Your bones are affected by a variety of factors. It is not just calcium and vitamin D that have an impact on your bones. Recent studies have shown that exposure to environmental toxins, specifically the heavy metal cadmium, can have a negative effect on your bones- leading to an increased risk for fractures and a reduction in bone density. This dangerous metal is present in many products manufactured around the world, and is nearly impossible to escape in everyday life. Find out more about the dangers of this metal for bones below.
According to the Occupational Safety and Health Administration, Cadmium (abbreviated as Cd) is a soft, blue-white metal found in zinc ores. The United States produces about 600 metric tons of cadmium each year. The metal was first discovered in Germany in 1817, and has been used for a variety of uses, including the manufacturing of pigments, in nickel-cadmium, rechargeable batteries, solar cells, metal coatings, plastic stabilizers, and corrosion protection for iron and steel.

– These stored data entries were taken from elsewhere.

Lemma nonpal_mismatch w : w != rev w ->
  exists p a s b, w = p ++ a :: s ++ b :: rev p /\ a != b.
Proof.
have [n] := ubnP (size w); elim: n w => // n IH [|x w] //.
case/lastP: w => [|m y] /= lt_n; first by rewrite eqxx.
have [<- | neq_xy] := eqVneq x y; last by exists [::], x, m, y; rewrite cats1.
rewrite rev_cons rev_rcons rcons_cons eqseq_cons eqseq_rcons !eqxx andbT /=.
move=> /(IH m); rewrite size_rcons in lt_n => /(_ (ltnW lt_n)) [p [a [s [b [-> ab]]]]].
by exists (x :: p), a, s, b; split=> //; rewrite rev_cons /= !(rcons_cat, rcons_cons).
Qed.

Lemma rev_mismatch (c a b : T) q s :
  rev (rcons (c :: q ++ a :: s ++ b :: rev q) c) =
  rcons (c :: q ++ b :: rev s ++ a :: rev q) c.
Proof. by rewrite rev_rcons /= !(rev_cons, rev_cat, rcons_cat, revK) /= -!cats1 -!catA. Qed.

Lemma prefix_mismatch (c x a : T) q t :
  prefix (c :: rcons q x) (rcons (c :: q ++ a :: t) c) = (x == a).
Proof. by rewrite /= eqxx rcons_cat -cats1 prefix_catr //= eqxx prefix0s andbT. Qed.

End Words.

Lemma rev_pal (w : seq bool) : palindrome w -> rev w = w.
Proof. by move=> /eqP {2}->. Qed.

Lemma pal_suffixE (x w : seq bool) :
  palindrome x -> palindrome w -> suffix x w = prefix x w.
Proof. by move=> /rev_pal ex /rev_pal ew; rewrite -prefix_rev ex ew. Qed.

Lemma subwordD u i m n : subword u i (m + n) = subword u i m ++ subword u (i + m) n.
Proof.
rewrite /subword /mkseq iotaD map_cat add0n -[m]addn0 iotaDl -map_comp.
by congr (_ ++ _); apply: eq_map => k /=; rewrite addn0 addnA.
Qed.

Lemma factor_infix u x w : infix x w -> factor u w -> factor u x.
Proof.
case/infixP=> a [b ->] [i]; rewrite !size_cat !subwordD.
move=> /eqP; rewrite !eqseq_cat ?size_mkseq // => /and3P [_ /eqP Ex _].
by exists (i + size a).
Qed.

Definition lps (f : seq bool) : seq bool :=
  drop (find palindrome (mkseq (drop^~ f) (size f))) f.

Lemma suffix_lps (f : seq bool) : suffix (lps f) f.
Proof. exact: suffix_drop. Qed.

Lemma palindrome_lps (f : seq bool) : palindrome (lps f).
Proof.
rewrite /lps; set s := mkseq _ _; have [lt_k | le_k] := ltnP (find palindrome s) (size f).
  have := nth_find [::] (_ : has palindrome s); rewrite has_find size_mkseq.
  by rewrite nth_mkseq //; apply.
by rewrite drop_oversize.
Qed.

Lemma lps_longest (f x : seq bool) :
  suffix x f -> palindrome x -> size x <= size (lps f).
Proof.
move=> xf px; have le_xf : size x <= size f := size_suffix xf.
have [-> // | x_ne0] := eqVneq x [::].
have x_gt0 : 0 < size x by rewrite lt0n size_eq0.
rewrite size_drop.
suff : find palindrome (mkseq (drop^~ f) (size f)) <= size f - size x by lia.
rewrite leqNgt; apply/negP => /(before_find [::]).
have lt_xf : size f - size x < size f by lia.
by move: xf; rewrite suffixE nth_mkseq // => /eqP ->; rewrite px.
Qed.

(* [lps f] occurs in [f] other than as a suffix. If this fails for [f = rcons v y], then
   [lps f] is a palindromic factor of [f] that [v] lacks. *)
Definition lps_recurs (f : seq bool) : bool := [exists z, infix (rcons (lps f) z) f].

Lemma lps_recursI (f t : seq bool) : t != [::] -> infix (lps f ++ t) f -> lps_recurs f.
Proof.
case: t => // y t _ yt; apply/existsP; exists y.
by apply: prefix_infix_trans yt; rewrite -cats1 prefix_catr //= !eqxx prefix0s.
Qed.

Lemma mem_factors_of (x w : seq bool) : (x \in factors_of w) = infix x w.
Proof.
rewrite mem_undup mem_cat inE; apply/idP/idP.
  case/orP=> [/eqP -> | /allpairsPdep [i [j [_ _ ->]]]]; first exact: infix0s.
  exact: infix_trans (infix_take _ _) (infix_drop _ _).
case/infixP=> a [b Ew]; case: x Ew => [|z x] Ew; first by rewrite eqxx.
apply/orP; right; apply/allpairsPdep; exists (size a), (size (z :: x)).
rewrite !mem_iota Ew !size_cat /=; split; [lia | lia |].
by rewrite drop_size_cat // -cat_cons take_size_cat.
Qed.
(* Let $k=0$ and let $a$ be a regular scale factor which is an even function on $\mathbb R$, such that either $\infty>\dot a(0^+)>0$, or $\dot a(0)=0$ but $a^{(n)}(0)\ne0$ for some $n$. Then for every $\tau>0$ and every $(x,y,z)$ with $\sqrt{x^2+y^2+z^2}=\rho_{\mathcal M_\tau}$, the $4\times4$ matrix \[ \begin{pmatrix} g_{\tau\tau} & 0 & 0 & 0\\ 0 & 1+\lambda_0(y^2+z^2) & -\lambda_0xy & -\lambda_0xz\\ 0 & -\lambda_0xy & 1+\lambda_0(x^2+z^2) & -\lambda_0yz\\ 0 & -\lambda_0xz & -\lambda_0yz & 1+\lambda_0(x^2+y^2)\end{pmatrix}, \] with $g_{\tau\tau}=g_{\tau\tau}(\tau,\rho_{\mathcal M_\tau})$ and $\lambda_0=\lambda_0(\tau,\rho_{\mathcal M_\tau})$, has rank $2$. Thus the cotangent space at each point of the cosmological-time-zero set is two dimensional.
   Context: A function $a:[0,\infty)\to[0,\infty)$ is a regular scale factor if: (a) $a(0)=0$; (b) $a$ is increasing and continuous on $[0,\infty)$, twice continuously differentiable on $(0,\infty)$, with an inverse function on $[0,\infty)$; (c) $\frac{a(t)\ddot a(t)}{\dot a(t)^2}\le1$ for all $t>0$ (presupposing $\dot a(t)\ne0$). Here $a$ is regarded on $\mathbb R$ via $a(-t)=a(t)$; $\dot a(0^+)=\lim_{t\to0^+}\dot a(t)$. For $0<s<\tau$, $\chi_s(\tau)=\int_s^\tau\frac{1}{a(t)}\frac{a(\tau)}{\sqrt{a^2(\tau)-a^2(t)}}dt$. For $\tau>0$, $\rho_{\mathcal M_\tau}=\int_0^\tau\frac{a(t)}{\sqrt{a^2(\tau)-a^2(t)}}dt$; for $0<\rho<2\rho_{\mathcal M_\tau}$, $t_0(\tau,\rho)$ is the unique $t_0\in(-\tau,\tau)$ with $\rho=\int_{t_0}^\tau\frac{a(t)}{\sqrt{a^2(\tau)-a^2(t)}}dt$ ($t_0=0$ iff $\rho=\rho_{\mathcal M_\tau}$). Define $f(\tau,t_0)=\int_{t_0}^{\tau}\frac{\ddot a(t)}{\dot a(t)^2}\left(\frac{\sqrt{a^2(\tau)-a^2(t_0)}}{\sqrt{a^2(\tau)-a^2(t)}}-1\right)dt$ for $0\le t_0<\tau$ and $g_{\tau\tau}(\tau,\rho)=-[1-\dot a(\tau)f(\tau,t_0(\tau,\rho))]^2$, so $g_{\tau\tau}(\tau,\rho_{\mathcal M_\tau})=-[1-\dot a(\tau)f(\tau,0)]^2$. For $t_0=t_0(\tau,\rho)\ne0$, $g_{\theta\theta}(\tau,\rho)=a^2(t_0)\chi_{|t_0|}(\tau)^2$, and $g_{\theta\theta}(\tau,\rho_{\mathcal M_\tau})$ is the limit as $t_0\to0$. $\lambda_0(\tau,\rho)=\frac{g_{\theta\theta}(\tau,\rho)-\rho^2}{\rho^4}$. The displayed matrix is the extended spatially flat Robertson–Walker metric in Fermi coordinates $(\tau,x,y,z)$ of a comoving observer, with $\rho=\sqrt{x^2+y^2+z^2}$. *)

From Stdlib Require Import Reals.
From Coquelicot Require Import Coquelicot.
From mathcomp Require Import all_boot all_algebra.
From mathcomp Require Import Rstruct.

Open Scope R_scope.

Definition iint (f : R -> R) (lo hi : R) : R :=
  RInt_gen f (at_right lo) (at_left hi).

Definition ad (a : R -> R) : R -> R := Derive a.
Definition add (a : R -> R) : R -> R := Derive (Derive a).

(* regular scale factor (a regarded on R, conditions on [0,oo)) *)
Definition regular_scale_factor (a : R -> R) : Prop :=
  a 0 = 0 /\
  (forall t, 0 <= t -> 0 <= a t) /\
  (forall s t, 0 <= s -> s < t -> a s < a t) /\
  (forall t, 0 <= t -> continuous a t) /\
  (forall t, 0 < t -> ex_derive a t /\ ex_derive (Derive a) t /\
                      continuous (Derive (Derive a)) t) /\
  (forall y, 0 <= y -> exists t, 0 <= t /\ a t = y) /\
  (forall t, 0 < t -> ad a t <> 0 /\ a t * add a t / (ad a t) ^ 2 <= 1).

Definition chi (a : R -> R) (s tau : R) : R :=
  iint (fun t => / a t * (a tau / sqrt (a tau ^ 2 - a t ^ 2))) s tau.

Definition rhoM (a : R -> R) (tau : R) : R :=
  iint (fun t => a t / sqrt (a tau ^ 2 - a t ^ 2)) 0 tau.

Definition ff (a : R -> R) (tau t0 : R) : R :=
  iint (fun t => add a t / (ad a t) ^ 2 *
          (sqrt (a tau ^ 2 - a t0 ^ 2) / sqrt (a tau ^ 2 - a t ^ 2) - 1)) t0 tau.

Definition gtt_M (a : R -> R) (tau : R) : R :=
  - (1 - ad a tau * ff a tau 0) ^ 2.

Definition gthth_M (a : R -> R) (tau : R) : R :=
  real (Lim (fun t0 => a t0 ^ 2 * chi a (Rabs t0) tau ^ 2) 0).

Definition lambda0_M (a : R -> R) (tau : R) : R :=
  (gthth_M a tau - rhoM a tau ^ 2) / rhoM a tau ^ 4.

Definition mx_of_rows (rows : seq (seq R)) : 'M[R]_4 :=
  \matrix_(i < 4, j < 4) nth 0 (nth [::] rows i) j.

Definition metric_M (a : R -> R) (tau x y z : R) : 'M[R]_4 :=
  let g := gtt_M a tau in
  let l := lambda0_M a tau in
  mx_of_rows
    [:: [:: g; 0; 0; 0];
        [:: 0; 1 + l * (y ^ 2 + z ^ 2); - (l * x * y); - (l * x * z)];
        [:: 0; - (l * x * y); 1 + l * (x ^ 2 + z ^ 2); - (l * y * z)];
        [:: 0; - (l * x * z); - (l * y * z); 1 + l * (x ^ 2 + y ^ 2)]].
(* The list semantics of the composite of 1-cells A -> B (with n0 extra
   inputs) and B -> C, given the list semantics [phi] and [psi] of the
   factors; the head of an output list is the bit X, its tail is B resp. C. *)
Definition knit A n0 (phi psi : seq bool -> seq bool) (s : seq bool) : seq bool :=
  let y := phi (take (A + n0) s) in
  let z := psi (behead y ++ drop (A + n0) s) in
  (head false y && head false z) :: behead z.

Section Knit.
Variables (A B : nat) (n0 n1 : nat).

Lemma eq_knit (phi phi' psi psi' : seq bool -> seq bool) s :
  (forall x, size (phi x) = 1 + B) ->
  (forall x, size x = A + n0 -> phi x = phi' x) ->
  (forall x, size x = B + n1 -> psi x = psi' x) ->
  size s = A + (n0 + n1) -> knit A n0 phi psi s = knit A n0 phi' psi' s.
Proof.
move=> size_phi eq_phi eq_psi Hs; rewrite /knit.
have size_take : size (take (A + n0) s) = A + n0.
  by rewrite size_takel // Hs addnA leq_addr.
rewrite -eq_phi // eq_psi // size_cat size_behead size_phi size_drop Hs.
by rewrite addnA addKn.
Qed.

Lemma knitA C (phi psi chi : seq bool -> seq bool) s :
  (forall x, size (phi x) = 1 + B) -> (forall x, size (psi x) = 1 + C) ->
  knit A (n0 + n1) (knit A n0 phi psi) chi s = knit A n0 phi (knit B n1 psi chi) s.
Proof.
move=> size_phi size_psi; rewrite /knit take_takel ?addnA ?leq_addr //.
have := size_phi (take (A + n0) s); case: (phi _) => // a y; rewrite add1n => -[<-] /=.
rewrite take_addn_cat drop_addn_cat [A + n0 + n1]addnC -take_drop.
have := size_psi (y ++ take n1 (drop (A + n0) s)); case: (psi _) => // b z _ /=.
by rewrite drop_drop andbA.
Qed.
End Knit.

Lemma knit_idl A (psi : seq bool -> seq bool) s :
  0 < size (psi s) -> knit A 0 (cons true) psi s = psi s.
Proof. by rewrite /knit addn0 /= cat_take_drop; case: (psi s). Qed.

Lemma knit_idr A n (phi : seq bool -> seq bool) s :
  size s = A + n -> 0 < size (phi s) -> knit A n phi (cons true) s = phi s.
Proof.
move=> Hs; rewrite /knit take_oversize ?drop_oversize ?Hs // cats0.
by case: (phi s) => //= a y _; rewrite andbT.
Qed.

Section Bkp_bicategory.
Variables (S : gateset) (AND : circ S 2 1).
Hypothesis ext_AND : ext AND = and_fun.

Definition Bkp_sem A B (f : Bkp_hom S A B) : seq bool -> seq bool :=
  seq_fun (ext (projT2 f)).

Lemma size_Bkp_sem A B (f : Bkp_hom S A B) s : size (Bkp_sem f s) = 1 + B.
Proof. exact: size_seq_fun. Qed.

Lemma Bkp_sem_id A s : size s = A -> Bkp_sem (Bkp_id S A) s = true :: s.
Proof.
move=> Hs; rewrite /Bkp_sem /= seq_fun_ccast /= (seq_fun_tensor top_fun).
by rewrite seq_fun_top drop0 seq_fun_id.
Qed.

Lemma projT1_Bkp_comp A B C (f : Bkp_hom S A B) (g : Bkp_hom S B C) :
  projT1 (Bkp_comp AND f g) = projT1 f + projT1 g.
Proof. by case: f; case: g. Qed.

Lemma Bkp_sem_comp A B C (f : Bkp_hom S A B) (g : Bkp_hom S B C) s :
  size s = A + (projT1 f + projT1 g) ->
  Bkp_sem (Bkp_comp AND f g) s = knit A (projT1 f) (Bkp_sem f) (Bkp_sem g) s.
Proof.
case: f => n0 f; case: g => n1 g /= Hs.
rewrite /Bkp_sem /knit /= seq_fun_ccast /= !seq_fun_comp seq_fun_tensor.
rewrite (@seq_fun_id n1); last by rewrite size_drop Hs addnA addKn.
rewrite seq_fun_ccast /= (seq_fun_tensor (id_fun 1)).
have := size_seq_fun (ext f) (take (A + n0) s).
case: (seq_fun _ _) => // a y [size_y] /=; rewrite take0 drop0 (@seq_fun_id 1) //.
have := size_seq_fun (ext g) (y ++ drop (A + n0) s).
case: (seq_fun _ _) => // b z [size_z] /=.
by rewrite ext_AND (seq_fun_tensor and_fun) /= take0 drop0 seq_fun_and seq_fun_id.
Qed.

Lemma Bkp_2cell_of_sem A B (f g : Bkp_hom S A B) : projT1 f = projT1 g ->
  (forall s, size s = A + projT1 f -> Bkp_sem f s = Bkp_sem g s) -> Bkp_2cell f g.
Proof.
case: f => n f; case: g => n' g /= eq_n; subst n' => eq_fg.
by apply/eqP; rewrite /Bkp_ext /= (seq_fun_inj eq_fg).
Qed.

Lemma sem_of_Bkp_2cell A B (f g : Bkp_hom S A B) : Bkp_2cell f g ->
  projT1 f = projT1 g /\ Bkp_sem f =1 Bkp_sem g.
Proof.
move/eqP=> eq_fg; split; first by move: (congr1 (fun p => (tag p).1) eq_fg) => /addnI.
by move=> s; apply: (congr1 (fun p : {nm : nat * nat & Bfun nm.1 nm.2} =>
  seq_fun (tagged p) s) eq_fg).
Qed.

Lemma Bkp_2cell_sym A B (f g : Bkp_hom S A B) : Bkp_2cell f g -> Bkp_2cell g f.
Proof. by rewrite /Bkp_2cell eq_sym. Qed.

Lemma Bkp_hcomp A B C (f f' : Bkp_hom S A B) (g g' : Bkp_hom S B C) :
  Bkp_2cell f f' -> Bkp_2cell g g' -> Bkp_2cell (Bkp_comp AND f g) (Bkp_comp AND f' g').
Proof.
move=> /sem_of_Bkp_2cell[eq_nf eq_f] /sem_of_Bkp_2cell[eq_ng eq_g].
apply: Bkp_2cell_of_sem => [|s]; rewrite !projT1_Bkp_comp ?eq_nf ?eq_ng // => Hs.
by rewrite !Bkp_sem_comp ?eq_nf ?eq_ng // /knit !eq_f !eq_g.
Qed.
(* Let $T:\mathbb{R}^M\times\cdots\times\mathbb{R}^M\to\mathbb{R}^D$ ($N$ factors) be a real $N$-linear contraction with respect to the Euclidean norm, and regard $T$ as the real $D\times M^N$ matrix with entries $T_{i,s}$, so that $T^\dagger T$ is a real symmetric matrix on $(\mathbb{R}^M)^{\otimes N}$. Then the following are equivalent: 1. $T$ has a norm-preserving dilation, i.e. there is a norm-preserving $N$-linear map $\tilde T:\mathbb{R}^M\times\cdots\times\mathbb{R}^M\to\mathbb{R}^{D'}$ with $D'\ge D$ whose first $D$ output coordinates coincide with $T$; 2. there is a real symmetric matrix $Q$ on $(\mathbb{R}^M)^{\otimes N}$ of the form $Q=\sum_gc_g\bigotimes_{k=1}^NG_{g_k}$ with $c_g=0$ whenever all components of $g$ are non-negative, such that $\mathbb{1}\ge T^\dagger T+Q$; 3. $\mathrm{tr}[\rho\,T^\dagger T]\le1$ for all real density matrices $\rho$ on $(\mathbb{R}^M)^{\otimes N}$ of the form $\rho=\sum_{g\ge0}c_g\bigotimes_{k=1}^NG_{g_k}$ (sum only over $g$ with all components non-negative).
   Context: An $N$-linear map is $T(a^{(1)},\dots,a^{(N)})_i=\sum_{s\in\{1,\dots,M\}^N}T_{i,s}\prod_ka^{(k)}_{s_k}$; it is a contraction if $\|T(a^{(1)},\dots,a^{(N)})\|\le\prod_k\|a^{(k)}\|$ for all inputs and norm-preserving if equality always holds. $\{G_\gamma\}$ is a set of $M^2$ real $M\times M$ matrices forming a basis of all real $M\times M$ matrices, orthogonal w.r.t. $(X,Y)\mapsto\mathrm{tr}[XY^T]$, with $G_0=\mathbb{1}$, $G_\gamma$ symmetric for $\gamma\ge0$ and antisymmetric for $\gamma<0$, normalized by $\mathrm{tr}[G_\gamma G_{\gamma'}^T]=2\delta_{\gamma\gamma'}$ for $\gamma,\gamma'\ne0$; $g=(g_1,\dots,g_N)$ ranges over $N$-tuples of indices and $c_g\in\mathbb{R}$. A real density matrix is a real positive semidefinite matrix of trace one; $X\le Y$ means $Y-X$ is positive semidefinite. *)

From HB Require Import structures.
From mathcomp Require Import all_boot all_order all_algebra.
From mathcomp Require Import reals.
Set Implicit Arguments. Unset Strict Implicit. Unset Printing Implicit Defensive.
Import Order.TTheory GRing.Theory Num.Theory.
Local Open Scope ring_scope.

Section Defs.
Variable R : realType.

(* Multi-indices s in {1..M}^N, indexing the standard basis of (R^M)^{⊗N}. *)
Definition midx (N M : nat) := {ffun 'I_N -> 'I_M}.

Definition enorm (n : nat) (v : 'I_n -> R) : R := Num.sqrt (\sum_(i < n) v i ^+ 2).

Definition mlapply (N M D : nat) (T : 'I_D -> midx N M -> R)
  (a : 'I_N -> 'I_M -> R) : 'I_D -> R :=
  fun i => \sum_(s : midx N M) T i s * \prod_(k < N) a k (s k).

Definition is_contraction (N M D : nat) (T : 'I_D -> midx N M -> R) : Prop :=
  forall a : 'I_N -> 'I_M -> R,
    enorm (mlapply T a) <= \prod_(k < N) enorm (a k).

Definition norm_preserving (N M D : nat) (T : 'I_D -> midx N M -> R) : Prop :=
  forall a : 'I_N -> 'I_M -> R,
    enorm (mlapply T a) = \prod_(k < N) enorm (a k).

By far, the biggest uses of the metal today are in the production of batteries and solar panels. The trouble with the metal is that it is highly toxic. In fact, exposure to the metal can cause a variety of problems, including cancer, heart trouble, kidney failure, reproductive trouble, breathing problems, stomach problems, and even bone problems. Find out more about how this dangerous metal could be hurting your bones below.
Cadmium is a potentially toxic metal, with many of the same risks as other metals. Metals like aluminum, iron, copper, and silver can all harm the body if a person is exposed to high levels of the metal. Ordinarily, a person would have a low exposure risk to cadmium, because it is a metal only found in zinc and in trace amounts.
However, manufacturers have found a way to produce larger quantities of the metal, which can pose health risks to many people around the world. The biggest danger for humans is in the processing of the meal. If the metal is leached into water, soil, or into the air, it can cause serious health risks for humans and animals.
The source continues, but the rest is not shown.